Exercise prompt>
Every line below between the line holding "rewrite bform_subr; move/(Rle_trans" and the line holding "have -> : q * vnorm", inclusive, should be repeated exactly, and all other lines omitted.

Provided data>

----------

(** * The plant *)

Lemma Young_sq a q X E : 0 < a -> 2 * q * X * E <= a * (X * X) + q * q / a * (E * E).
Proof.
move=> a_gt0; apply: (Rmult_le_reg_l a) => //.
have -> : a * (a * (X * X) + q * q / a * (E * E)) = a * a * (X * X) + q * q * (E * E).
  by field; lra.
by have := Rle_0_sqr (a * X - q * E); rewrite /Rsqr; nra.
Qed.

Lemma Rmult_le_scaled K a b r s A B : 0 <= K -> 0 <= a -> 0 <= b -> 0 < r -> 0 < s ->
  r * a <= A -> s * b <= B -> K * (a * b) <= K / (r * s) * (A * B).
Proof.
move=> K_ge0 a_ge0 b_ge0 r_gt0 s_gt0 HA HB.
have -> : K * (a * b) = K / (r * s) * ((r * a) * (s * b)) by field; lra.
apply: Rmult_le_compat_l; first by apply: Rdiv_le_0_compat => //; nra.
by apply: Rmult_le_compat => //; nra.
Qed.

Section Proposition1.
Variables (nx nz nu : nat).
Variables (f : vec nx -> vec nz -> vec nu -> vec nx) (g : vec nx -> vec nz -> vec nu -> vec nz)
          (h : vec nx -> vec nu -> vec nz) (k : vec nx -> vec nu).
Variables (P1 : mat nx) (P2 : mat nz) (abar1 alpha2 c1 c2 Lf Lh Lk : R).
Hypotheses (Lf_ge0 : 0 <= Lf) (Lh_ge0 : 0 <= Lh) (Lk_ge0 : 0 <= Lk).
Hypothesis f_lip : forall x z u x' z' u',
  vnorm (vsub (f x z u) (f x' z' u')) <= Lf * norm3 (vsub x x') (vsub z z') (vsub u u').
Hypothesis h_lip : forall x u x' u',
  vnorm (vsub (h x u) (h x' u')) <= Lh * norm2 (vsub x x') (vsub u u').
Hypothesis k_lip : forall x x', vnorm (vsub (k x) (k x')) <= Lk * vnorm (vsub x x').

Lemma h_shift_le x e : vnorm (vsub (h x (k (vadd x e))) (h x (k x))) <= Lh * Lk * vnorm e.
Proof.
apply: Rle_trans (h_lip _ _ _ _) _; rewrite Rmult_assoc; apply: Rmult_le_compat_l => //.
apply: Rle_trans (norm2_le _ _) _; rewrite vnorm_sub_self Rplus_0_l.
by apply: Rle_trans (k_lip _ _) _; rewrite vnorm_addKl; lra.
Qed.

Lemma f_s_perturb_le x e :
  vnorm (vsub (f_s f h k x e) (f_s f h k x vzero)) <= Lf * (Lh * Lk + Lk) * vnorm e.
Proof.
rewrite /f_s vadd_vzero; apply: Rle_trans (f_lip _ _ _ _ _ _) _.
rewrite Rmult_assoc; apply: Rmult_le_compat_l => //.
apply: Rle_trans (norm3_le _ _ _) _; rewrite vnorm_sub_self.
have := h_shift_le x e.
have : vnorm (vsub (k (vadd x e)) (k x)) <= Lk * vnorm e.
  by apply: Rle_trans (k_lip _ _) _; rewrite vnorm_addKl; lra.
lra.
Qed.

Lemma f_s0_lipschitz x x' : vnorm (vsub (f_s f h k x vzero) (f_s f h k x' vzero))
  <= Lf * (1 + Lh * (1 + Lk) + Lk) * vnorm (vsub x x').
Proof.
rewrite /f_s !vadd_vzero; apply: Rle_trans (f_lip _ _ _ _ _ _) _.
rewrite Rmult_assoc; apply: Rmult_le_compat_l => //.
apply: Rle_trans (norm3_le _ _ _) _.
have := vnorm_ge0 (vsub x x'); have HK := k_lip x x'.
have : vnorm (vsub (h x (k x)) (h x' (k x'))) <= Lh * (vnorm (vsub x x') + Lk * vnorm (vsub x x')).
  apply: Rle_trans (h_lip _ _ _ _) _; apply: Rmult_le_compat_l => //.
  by apply: Rle_trans (norm2_le _ _) _; lra.
nra.
Qed.

Lemma f_x_f_s_le x y e : vnorm (vsub (f_x f h k x y e) (f_s f h k x e)) <= Lf * vnorm y.
Proof.
apply: Rle_trans (f_lip _ _ _ _ _ _) _; apply: Rmult_le_compat_l => //.
by apply: Rle_trans (norm3_le _ _ _) _; rewrite !vnorm_sub_self vnorm_addKr; lra.
Qed.

Lemma f_x_f_s00_le x y e :
  vnorm (vsub (f_x f h k x y e) (f_s f h k vzero vzero)) <=
  Lf * (1 + Lh + Lh * Lk + Lk) * (vnorm x + vnorm y + vnorm e).
Proof.
rewrite /f_x /f_s !vadd_vzero; apply: Rle_trans (f_lip _ _ _ _ _ _) _.
rewrite Rmult_assoc; apply: Rmult_le_compat_l => //.
apply: Rle_trans (norm3_le _ _ _) _; rewrite vnorm_sub0.
have := vnorm_ge0 x; have := vnorm_ge0 y; have := vnorm_ge0 e.
have HK : vnorm (vsub (k (vadd x e)) (k vzero)) <= Lk * (vnorm x + vnorm e).
  apply: Rle_trans (k_lip _ _) _; apply: Rmult_le_compat_l => //.
  by rewrite -[vzero](vadd_vzero vzero); apply: Rle_trans (vnorm_sub_add _ _ _ _) _;
     rewrite !vnorm_sub0; lra.
have HH : vnorm (vsub (h x (k (vadd x e))) (h vzero (k vzero)))
          <= Lh * (vnorm x + Lk * (vnorm x + vnorm e)).
  apply: Rle_trans (h_lip _ _ _ _) _; apply: Rmult_le_compat_l => //.
  by apply: Rle_trans (norm2_le _ _) _; rewrite vnorm_sub0; lra.
have : vnorm (vsub (vadd y (h x (k (vadd x e)))) (h vzero (k vzero)))
       <= vnorm y + Lh * (vnorm x + Lk * (vnorm x + vnorm e)).
  rewrite (@vnorm_ext _ _ (vadd y (vsub (h x (k (vadd x e))) (h vzero (k vzero)))));
    last by move=> i; rewrite /vadd /vsub; ring.
  by apply: Rle_trans (vnorm_triang _ _) _; lra.
have := Rmult_le_pos _ _ Lh_ge0 Lk_ge0.
nra.
Qed.

Hypotheses (P1_sym : forall i j, P1 i j = P1 j i) (P2_sym : forall i j, P2 i j = P2 j i).
Hypotheses (c1_gt0 : 0 < c1) (c2_gt0 : 0 < c2).
Hypotheses (P1_coer : coercive P1 c1) (P2_coer : coercive P2 c2).
Hypotheses (abar1_gt0 : 0 < abar1) (alpha2_gt0 : 0 < alpha2).
Hypothesis Vx_decay : forall x DVx, has_derivR (quad P1) x DVx ->
  DVx (f_s f h k x vzero) <= - abar1 * quad P1 x.
Hypothesis Vy_decay : forall x y e DyVy, has_derivR (fun y' => quad P2 y') y DyVy ->
  DyVy (g_f g h k x y e) <= - alpha2 * quad P2 y.

Definition f_x_gain : R := Lf * (1 + Lh + Lh * Lk + Lk).

(* gbar1 is the Young constant of [Vx_deriv_f_s_le]; the [+ 1]s keep the gains positive, as
   [Kinf] requires. *)
Definition gbar1 : R := 2 * (mat_abs_sum P1 * (Lf * (Lh * Lk + Lk))) ^ 2 / (abar1 * c1) + 1.

Definition gbar2 : R := mat_abs_sum P2 * Lh * f_x_gain + 1.

Let S1_ge0 := mat_abs_sum_ge0 P1.
Let S2_ge0 := mat_abs_sum_ge0 P2.
Let sqrt_c1_gt0 := sqrt_lt_R0 _ c1_gt0.
Let sqrt_c2_gt0 := sqrt_lt_R0 _ c2_gt0.
Let Vx_ge0 := quad_ge0 c1_gt0 P1_coer.
Let Vy_ge0 := quad_ge0 c2_gt0 P2_coer.
Let sqrt_Vx_ge := sqrt_quad_ge c1_gt0 P1_coer.
Let sqrt_Vy_ge := sqrt_quad_ge c2_gt0 P2_coer.
Let f_x_gain_ge0 : 0 <= f_x_gain.
Proof. by apply: Rmult_le_pos => //; have := Rmult_le_pos _ _ Lh_ge0 Lk_ge0; lra. Qed.

Lemma gbar1_gt0 : 0 < gbar1.
Proof.
have : 0 <= 2 * (mat_abs_sum P1 * (Lf * (Lh * Lk + Lk))) ^ 2 / (abar1 * c1).
  apply: Rdiv_le_0_compat; last nra.
  by have := pow2_ge_0 (mat_abs_sum P1 * (Lf * (Lh * Lk + Lk))); lra.
by rewrite /gbar1; lra.
Qed.

Lemma gbar2_gt0 : 0 < gbar2.
Proof.
have : 0 <= mat_abs_sum P2 * Lh * f_x_gain by apply: Rmult_le_pos => //; apply: Rmult_le_pos.
by rewrite /gbar2; lra.
Qed.

Lemma f_s_origin : vnorm (f_s f h k vzero vzero) = 0.
Proof.
apply: (@dissipative_vanishes_at0 _ P1 (fun x => f_s f h k x vzero) c1
          (Lf * (1 + Lh * (1 + Lk) + Lk))) => // [|x|x x'].
- by apply: Rmult_le_pos => //; have := Rmult_le_pos _ _ Lh_ge0 Lk_ge0; lra.
- have := Vx_decay (quad_deriv P1_sym x); have := Vx_ge0 x; nra.
- exact: f_s0_lipschitz.
Qed.

Lemma f_x_le x y e : vnorm (f_x f h k x y e) <= f_x_gain * (vnorm x + vnorm y + vnorm e).
Proof.
have := vnorm_le_sub (f_x f h k x y e) (f_s f h k vzero vzero).
by rewrite f_s_origin /f_x_gain; have := f_x_f_s00_le x y e; lra.
Qed.

Lemma Vx_deriv_f_s_le x e :
  2 * bform P1 x (f_s f h k x e) <= - (abar1 / 2) * quad P1 x + gbar1 * vnorm e ^ 2.
Proof.
set A := Lf * (Lh * Lk + Lk); set q := mat_abs_sum P1 * A; set a := abar1 * c1 / 2.
have decay := Vx_decay (quad_deriv P1_sym x); rewrite /= in decay.
have := Rabs_bform_le P1 x (vsub (f_s f h k x e) (f_s f h k x vzero)).
rewrite bform_subr; move/(Rle_trans _ _ _ (Rle_abs _)) => perturb.
have x_ge0 := vnorm_ge0 x; have e_ge0 := vnorm_ge0 e.
have : mat_abs_sum P1 * vnorm x * vnorm (vsub (f_s f h k x e) (f_s f h k x vzero))
       <= q * vnorm x * vnorm e.
  have := f_s_perturb_le x e; rewrite -/A => Hp.
  have -> : q * vnorm x * vnorm e = mat_abs_sum P1 * vnorm x * (A * vnorm e) by rewrite /q; ring.
  by apply: Rmult_le_compat_l => //; apply: Rmult_le_pos.
have a_gt0 : 0 < a by rewrite /a; nra.
have young := Young_sq q (vnorm x) (vnorm e) a_gt0.
have : a * (vnorm x * vnorm x) <= abar1 / 2 * quad P1 x.
  have := P1_coer x; rewrite -vnorm_sq /a => Hc.
  have -> : abar1 * c1 / 2 * (vnorm x * vnorm x) = abar1 / 2 * (c1 * (vnorm x * vnorm x)) by field.
  by apply: Rmult_le_compat_l; lra.
have : q * q / a * (vnorm e * vnorm e) <= gbar1 * vnorm e ^ 2.
  have -> : q * q / a = 2 * q ^ 2 / (abar1 * c1) by rewrite /a; field; lra.
  by rewrite /gbar1 -/A -/q /= Rmult_1_r; nra.
lra.
Qed.

Lemma Assumption_A2_holds :
  Assumption_A2 f h k (quad P1) (abar1 / 2) (fun s => gbar1 * s ^ 2).
Proof.
split; first exact: quad_C1.
split; first exact: Vx_ge0.
split; first exact: quad_Kinf_bounds c1_gt0 P1_coer.
split; first exact: Kinf_sq gbar1_gt0.
split; first exact: C1_fun_sq.
split=> [|x e D D_der]; first lra.
rewrite (quad_deriv_eq P1_sym D_der); exact: Vx_deriv_f_s_le.
Qed.

Lemma Assumption_A3_holds : Assumption_A3 g h k (fun _ y => quad P2 y).
Proof.
split; first exact: C1_R2_const_l (quad_C1 P2_sym).
split=> [x|]; first exact: Vy_ge0.
have [aL [aU [aL_Kinf [aU_Kinf bounds]]]] := quad_Kinf_bounds c2_gt0 P2_coer.
by exists aL, aU, alpha2.
Qed.

Lemma Vx_deriv_f_x_f_s_le x y e :
  2 * bform P1 x (vsub (f_x f h k x y e) (f_s f h k x e))
  <= (2 * mat_abs_sum P1 * Lf / (sqrt c1 * sqrt c2) + 1) * sqrt (quad P1 x * quad P2 y).
Proof.
have x_ge0 := vnorm_ge0 x; have y_ge0 := vnorm_ge0 y.
have := Rabs_bform_le P1 x (vsub (f_x f h k x y e) (f_s f h k x e)).
have := Rle_abs (bform P1 x (vsub (f_x f h k x y e) (f_s f h k x e))).
have : mat_abs_sum P1 * vnorm x * vnorm (vsub (f_x f h k x y e) (f_s f h k x e))
       <= mat_abs_sum P1 * vnorm x * (Lf * vnorm y).
  by apply: Rmult_le_compat_l; [apply: Rmult_le_pos | exact: f_x_f_s_le].
have S1Lf_ge0 : 0 <= 2 * mat_abs_sum P1 * Lf by have := Rmult_le_pos _ _ S1_ge0 Lf_ge0; lra.
have := Rmult_le_scaled S1Lf_ge0
  x_ge0 y_ge0 sqrt_c1_gt0 sqrt_c2_gt0 (sqrt_Vx_ge x) (sqrt_Vy_ge y).
rewrite -(sqrt_mult _ _ (Vx_ge0 x) (Vy_ge0 y)).
have := sqrt_pos (quad P1 x * quad P2 y).
nra.
Qed.

Lemma Vy_deriv_f_x_le x y e Jh :
  has_deriv (fun x' => h x' (k (vadd x e))) x Jh ->
  - (2 * bform P2 y (Jh (f_x f h k x y e)))
  <= (2 * mat_abs_sum P2 * Lh * f_x_gain / (sqrt c1 * sqrt c2) + 1) * sqrt (quad P1 x * quad P2 y)
     + (3 * mat_abs_sum P2 * Lh * f_x_gain / c2 + 1) * quad P2 y + gbar2 * vnorm e ^ 2.
Proof.
move=> Jh_der; set w := f_x f h k x y e; set K := 2 * mat_abs_sum P2 * Lh * f_x_gain.
have K_ge0 : 0 <= K.
  by rewrite /K; have := Rmult_le_pos _ _ (Rmult_le_pos _ _ S2_ge0 Lh_ge0) f_x_gain_ge0; lra.
have x_ge0 := vnorm_ge0 x; have y_ge0 := vnorm_ge0 y; have e_ge0 := vnorm_ge0 e.
have Jw_le : vnorm (Jh w) <= Lh * (f_x_gain * (vnorm x + vnorm y + vnorm e)).
  apply: Rle_trans (has_deriv_lipschitz (L := Lh) Jh_der _ w) _ => [v|].
    apply: Rle_trans (h_lip _ _ _ _) _; rewrite norm2_0r ?vnorm_addKl; first lra.
    by move=> i; rewrite /vsub; ring.
  by apply: Rmult_le_compat_l => //; exact: f_x_le.
have := Rabs_bform_le P2 y (Jh w); have := Rle_abs (- bform P2 y (Jh w)); rewrite Rabs_Ropp.
have : mat_abs_sum P2 * vnorm y * vnorm (Jh w)
       <= mat_abs_sum P2 * vnorm y * (Lh * (f_x_gain * (vnorm x + vnorm y + vnorm e))).
  by apply: Rmult_le_compat_l => //; apply: Rmult_le_pos.
have := Rmult_le_scaled K_ge0 x_ge0 y_ge0 sqrt_c1_gt0 sqrt_c2_gt0
  (sqrt_Vx_ge x) (sqrt_Vy_ge y).
rewrite -(sqrt_mult _ _ (Vx_ge0 x) (Vy_ge0 y)).
have : 3 * K / 2 * (vnorm y * vnorm y) <= 3 * mat_abs_sum P2 * Lh * f_x_gain / c2 * quad P2 y.
  have := P2_coer y; rewrite -vnorm_sq => Hc.
  have -> : 3 * K / 2 * (vnorm y * vnorm y)
            = 3 * mat_abs_sum P2 * Lh * f_x_gain / c2 * (c2 * (vnorm y * vnorm y)).
    by rewrite /K; field; lra.
  by apply: Rmult_le_compat_l => //; apply: Rdiv_le_0_compat => //; rewrite /K in K_ge0; lra.
have : 0 <= K * ((vnorm y - vnorm e) * (vnorm y - vnorm e)).
  by apply: Rmult_le_pos => //; exact: Rle_0_sqr.
have := sqrt_pos (quad P1 x * quad P2 y); have := Vy_ge0 y.
have -> : gbar2 = K / 2 + 1 by rewrite /gbar2 /K; field.
have : 2 * (mat_abs_sum P2 * vnorm y * (Lh * (f_x_gain * (vnorm x + vnorm y + vnorm e))))
          = K * (vnorm x * vnorm y) + K * (vnorm y * vnorm y) + K * (vnorm y * vnorm e).
  by rewrite /K; ring.
rewrite /= Rmult_1_r -/K.
nra.
Qed.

----------

Output below>
rewrite bform_subr; move/(Rle_trans _ _ _ (Rle_abs _)) => perturb.
have x_ge0 := vnorm_ge0 x; have e_ge0 := vnorm_ge0 e.
have : mat_abs_sum P1 * vnorm x * vnorm (vsub (f_s f h k x e) (f_s f h k x vzero))
       <= q * vnorm x * vnorm e.
  have := f_s_perturb_le x e; rewrite -/A => Hp.
  have -> : q * vnorm x * vnorm e = mat_abs_sum P1 * vnorm x * (A * vnorm e) by rewrite /q; ring.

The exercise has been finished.